╔══
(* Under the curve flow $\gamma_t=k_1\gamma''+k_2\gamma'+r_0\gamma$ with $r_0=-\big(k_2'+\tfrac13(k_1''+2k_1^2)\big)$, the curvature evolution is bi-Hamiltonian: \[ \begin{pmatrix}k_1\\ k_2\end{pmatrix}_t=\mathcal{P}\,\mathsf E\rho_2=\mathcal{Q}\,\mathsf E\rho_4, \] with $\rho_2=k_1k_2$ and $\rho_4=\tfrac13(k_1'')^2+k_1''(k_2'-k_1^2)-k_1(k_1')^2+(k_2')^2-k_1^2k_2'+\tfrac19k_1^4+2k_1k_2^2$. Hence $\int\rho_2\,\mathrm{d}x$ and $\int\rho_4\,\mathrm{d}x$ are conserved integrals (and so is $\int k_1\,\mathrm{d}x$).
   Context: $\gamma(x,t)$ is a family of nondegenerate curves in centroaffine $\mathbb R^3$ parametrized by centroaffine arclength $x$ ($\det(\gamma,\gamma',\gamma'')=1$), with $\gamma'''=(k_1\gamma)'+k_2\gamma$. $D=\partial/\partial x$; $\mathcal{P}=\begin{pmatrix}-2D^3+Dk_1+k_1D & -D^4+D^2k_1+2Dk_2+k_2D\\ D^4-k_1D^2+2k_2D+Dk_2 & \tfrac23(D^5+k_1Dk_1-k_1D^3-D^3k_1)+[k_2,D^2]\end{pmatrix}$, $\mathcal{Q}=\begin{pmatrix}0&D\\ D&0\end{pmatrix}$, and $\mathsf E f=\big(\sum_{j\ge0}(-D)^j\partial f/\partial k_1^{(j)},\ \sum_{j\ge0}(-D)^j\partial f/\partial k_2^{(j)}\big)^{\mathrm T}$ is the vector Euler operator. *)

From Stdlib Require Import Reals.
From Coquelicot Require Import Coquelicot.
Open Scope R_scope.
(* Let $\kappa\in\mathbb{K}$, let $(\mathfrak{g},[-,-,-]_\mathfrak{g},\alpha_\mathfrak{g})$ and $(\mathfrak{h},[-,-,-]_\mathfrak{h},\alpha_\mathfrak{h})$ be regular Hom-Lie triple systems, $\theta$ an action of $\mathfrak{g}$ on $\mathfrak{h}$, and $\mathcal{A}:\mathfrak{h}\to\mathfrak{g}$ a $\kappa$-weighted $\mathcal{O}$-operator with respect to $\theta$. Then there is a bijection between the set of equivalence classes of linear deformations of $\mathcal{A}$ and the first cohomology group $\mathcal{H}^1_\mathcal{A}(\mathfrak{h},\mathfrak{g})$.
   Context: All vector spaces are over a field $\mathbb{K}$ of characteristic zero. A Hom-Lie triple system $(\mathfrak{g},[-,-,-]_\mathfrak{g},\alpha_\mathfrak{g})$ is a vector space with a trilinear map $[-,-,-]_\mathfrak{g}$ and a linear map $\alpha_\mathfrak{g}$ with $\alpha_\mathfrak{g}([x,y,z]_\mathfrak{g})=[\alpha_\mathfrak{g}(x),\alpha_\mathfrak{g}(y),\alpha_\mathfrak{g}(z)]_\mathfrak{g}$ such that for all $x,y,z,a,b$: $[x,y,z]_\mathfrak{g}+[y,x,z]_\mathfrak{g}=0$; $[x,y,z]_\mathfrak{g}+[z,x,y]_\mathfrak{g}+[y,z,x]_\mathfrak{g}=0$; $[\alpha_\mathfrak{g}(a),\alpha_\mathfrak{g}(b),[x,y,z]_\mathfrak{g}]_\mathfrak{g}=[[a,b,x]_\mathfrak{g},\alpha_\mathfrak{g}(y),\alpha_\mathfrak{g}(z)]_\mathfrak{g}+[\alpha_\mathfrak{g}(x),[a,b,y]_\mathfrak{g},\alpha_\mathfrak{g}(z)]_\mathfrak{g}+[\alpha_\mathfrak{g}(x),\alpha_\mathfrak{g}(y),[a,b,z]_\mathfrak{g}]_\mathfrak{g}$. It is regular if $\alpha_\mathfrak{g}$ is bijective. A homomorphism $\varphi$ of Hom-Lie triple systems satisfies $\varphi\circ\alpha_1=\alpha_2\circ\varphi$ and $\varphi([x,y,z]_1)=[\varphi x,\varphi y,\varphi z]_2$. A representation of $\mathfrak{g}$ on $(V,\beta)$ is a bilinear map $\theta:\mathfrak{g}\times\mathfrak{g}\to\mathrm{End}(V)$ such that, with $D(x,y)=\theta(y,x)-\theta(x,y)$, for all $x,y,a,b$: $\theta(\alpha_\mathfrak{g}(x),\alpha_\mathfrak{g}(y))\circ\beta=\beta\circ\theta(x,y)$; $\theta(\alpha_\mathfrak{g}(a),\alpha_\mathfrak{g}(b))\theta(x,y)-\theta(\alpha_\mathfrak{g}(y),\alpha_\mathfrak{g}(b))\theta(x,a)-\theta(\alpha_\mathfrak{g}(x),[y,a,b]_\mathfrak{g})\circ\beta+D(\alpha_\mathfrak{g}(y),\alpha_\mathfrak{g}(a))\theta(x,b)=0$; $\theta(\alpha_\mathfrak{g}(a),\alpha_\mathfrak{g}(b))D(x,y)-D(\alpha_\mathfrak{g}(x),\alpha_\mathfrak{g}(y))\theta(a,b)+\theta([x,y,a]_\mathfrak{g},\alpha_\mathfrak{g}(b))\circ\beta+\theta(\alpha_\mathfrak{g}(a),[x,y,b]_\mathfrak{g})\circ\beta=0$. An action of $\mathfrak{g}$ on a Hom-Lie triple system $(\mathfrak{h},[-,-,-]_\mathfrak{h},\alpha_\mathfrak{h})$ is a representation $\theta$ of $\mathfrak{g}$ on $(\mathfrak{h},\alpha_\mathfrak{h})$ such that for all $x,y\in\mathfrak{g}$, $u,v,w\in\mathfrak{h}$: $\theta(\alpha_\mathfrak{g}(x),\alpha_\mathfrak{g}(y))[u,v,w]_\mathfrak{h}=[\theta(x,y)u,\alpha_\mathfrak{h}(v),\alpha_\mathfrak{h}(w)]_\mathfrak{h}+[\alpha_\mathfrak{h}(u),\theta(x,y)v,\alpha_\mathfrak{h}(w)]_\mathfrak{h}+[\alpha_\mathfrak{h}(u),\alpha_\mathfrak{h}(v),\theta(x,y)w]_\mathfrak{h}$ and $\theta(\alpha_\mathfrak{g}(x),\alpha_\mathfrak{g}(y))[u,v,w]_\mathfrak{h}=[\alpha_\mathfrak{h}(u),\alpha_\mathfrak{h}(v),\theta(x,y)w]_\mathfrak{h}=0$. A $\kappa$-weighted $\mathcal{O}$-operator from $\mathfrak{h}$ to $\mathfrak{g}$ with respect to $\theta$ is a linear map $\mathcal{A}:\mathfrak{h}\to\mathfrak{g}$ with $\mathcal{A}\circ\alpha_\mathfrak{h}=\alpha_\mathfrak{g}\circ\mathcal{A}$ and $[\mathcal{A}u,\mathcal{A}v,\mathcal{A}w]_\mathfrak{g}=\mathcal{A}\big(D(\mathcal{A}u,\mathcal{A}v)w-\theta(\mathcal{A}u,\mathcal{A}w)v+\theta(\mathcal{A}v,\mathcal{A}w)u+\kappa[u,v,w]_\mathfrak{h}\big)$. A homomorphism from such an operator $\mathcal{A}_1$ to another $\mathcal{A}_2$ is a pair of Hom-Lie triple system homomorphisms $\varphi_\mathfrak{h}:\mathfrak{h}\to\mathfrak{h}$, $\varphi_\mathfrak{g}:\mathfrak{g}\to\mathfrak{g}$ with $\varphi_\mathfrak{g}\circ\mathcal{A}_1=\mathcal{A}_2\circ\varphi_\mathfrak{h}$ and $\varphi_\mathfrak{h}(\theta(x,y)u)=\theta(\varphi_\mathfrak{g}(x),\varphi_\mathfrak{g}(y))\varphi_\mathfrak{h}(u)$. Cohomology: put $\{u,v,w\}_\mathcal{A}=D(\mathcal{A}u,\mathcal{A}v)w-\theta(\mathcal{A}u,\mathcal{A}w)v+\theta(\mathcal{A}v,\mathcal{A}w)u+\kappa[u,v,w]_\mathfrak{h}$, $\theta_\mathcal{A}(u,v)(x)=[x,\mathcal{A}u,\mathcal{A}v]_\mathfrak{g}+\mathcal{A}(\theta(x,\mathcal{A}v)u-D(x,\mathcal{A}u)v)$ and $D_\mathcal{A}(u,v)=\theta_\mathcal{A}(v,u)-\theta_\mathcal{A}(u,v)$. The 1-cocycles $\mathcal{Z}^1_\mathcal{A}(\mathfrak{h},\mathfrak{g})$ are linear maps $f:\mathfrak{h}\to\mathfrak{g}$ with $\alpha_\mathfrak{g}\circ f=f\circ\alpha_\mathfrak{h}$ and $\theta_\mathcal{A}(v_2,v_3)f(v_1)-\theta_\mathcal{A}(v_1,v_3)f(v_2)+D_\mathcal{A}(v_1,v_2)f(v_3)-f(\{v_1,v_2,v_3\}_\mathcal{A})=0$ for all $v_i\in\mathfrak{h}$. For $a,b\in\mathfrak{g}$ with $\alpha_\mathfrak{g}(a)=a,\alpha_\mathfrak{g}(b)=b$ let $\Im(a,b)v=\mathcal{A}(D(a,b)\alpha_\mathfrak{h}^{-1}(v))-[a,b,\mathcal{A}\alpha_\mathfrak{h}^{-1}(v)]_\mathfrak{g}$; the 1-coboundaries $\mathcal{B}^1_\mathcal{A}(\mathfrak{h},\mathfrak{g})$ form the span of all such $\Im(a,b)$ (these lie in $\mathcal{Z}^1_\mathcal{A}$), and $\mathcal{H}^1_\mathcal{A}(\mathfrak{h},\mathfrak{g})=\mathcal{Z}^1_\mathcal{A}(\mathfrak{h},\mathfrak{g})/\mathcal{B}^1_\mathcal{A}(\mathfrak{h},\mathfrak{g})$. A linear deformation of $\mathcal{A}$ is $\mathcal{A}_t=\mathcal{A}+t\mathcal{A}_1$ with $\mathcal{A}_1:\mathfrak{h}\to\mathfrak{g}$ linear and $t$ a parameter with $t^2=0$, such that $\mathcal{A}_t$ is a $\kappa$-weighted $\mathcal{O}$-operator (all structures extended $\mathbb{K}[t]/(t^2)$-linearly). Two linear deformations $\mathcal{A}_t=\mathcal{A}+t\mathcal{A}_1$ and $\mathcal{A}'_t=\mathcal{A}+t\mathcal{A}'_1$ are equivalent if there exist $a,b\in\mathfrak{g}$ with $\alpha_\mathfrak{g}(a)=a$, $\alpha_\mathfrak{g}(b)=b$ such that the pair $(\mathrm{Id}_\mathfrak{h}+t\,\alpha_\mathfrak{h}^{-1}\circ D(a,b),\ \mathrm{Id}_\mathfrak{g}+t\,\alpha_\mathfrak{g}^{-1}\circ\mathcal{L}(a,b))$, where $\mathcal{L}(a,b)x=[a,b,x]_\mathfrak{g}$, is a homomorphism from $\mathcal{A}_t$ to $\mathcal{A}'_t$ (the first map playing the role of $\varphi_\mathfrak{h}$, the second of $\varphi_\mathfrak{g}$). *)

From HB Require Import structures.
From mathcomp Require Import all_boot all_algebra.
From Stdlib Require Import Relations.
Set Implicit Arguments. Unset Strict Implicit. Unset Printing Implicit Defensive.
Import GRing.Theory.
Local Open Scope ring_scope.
╚══
[WHAT IS REQUIRED] When the line with "Open Scope R_scope." is reached in the data above, start copying there, and copy each line exactly until the line with "be regular Hom-Lie" has been copied; copy nothing else.

[WRITTEN ANSWER]
Open Scope R_scope.
(* Let $\kappa\in\mathbb{K}$, let $(\mathfrak{g},[-,-,-]_\mathfrak{g},\alpha_\mathfrak{g})$ and $(\mathfrak{h},[-,-,-]_\mathfrak{h},\alpha_\mathfrak{h})$ be regular Hom-Lie triple systems, $\theta$ an action of $\mathfrak{g}$ on $\mathfrak{h}$, and $\mathcal{A}:\mathfrak{h}\to\mathfrak{g}$ a $\kappa$-weighted $\mathcal{O}$-operator with respect to $\theta$. Then there is a bijection between the set of equivalence classes of linear deformations of $\mathcal{A}$ and the first cohomology group $\mathcal{H}^1_\mathcal{A}(\mathfrak{h},\mathfrak{g})$.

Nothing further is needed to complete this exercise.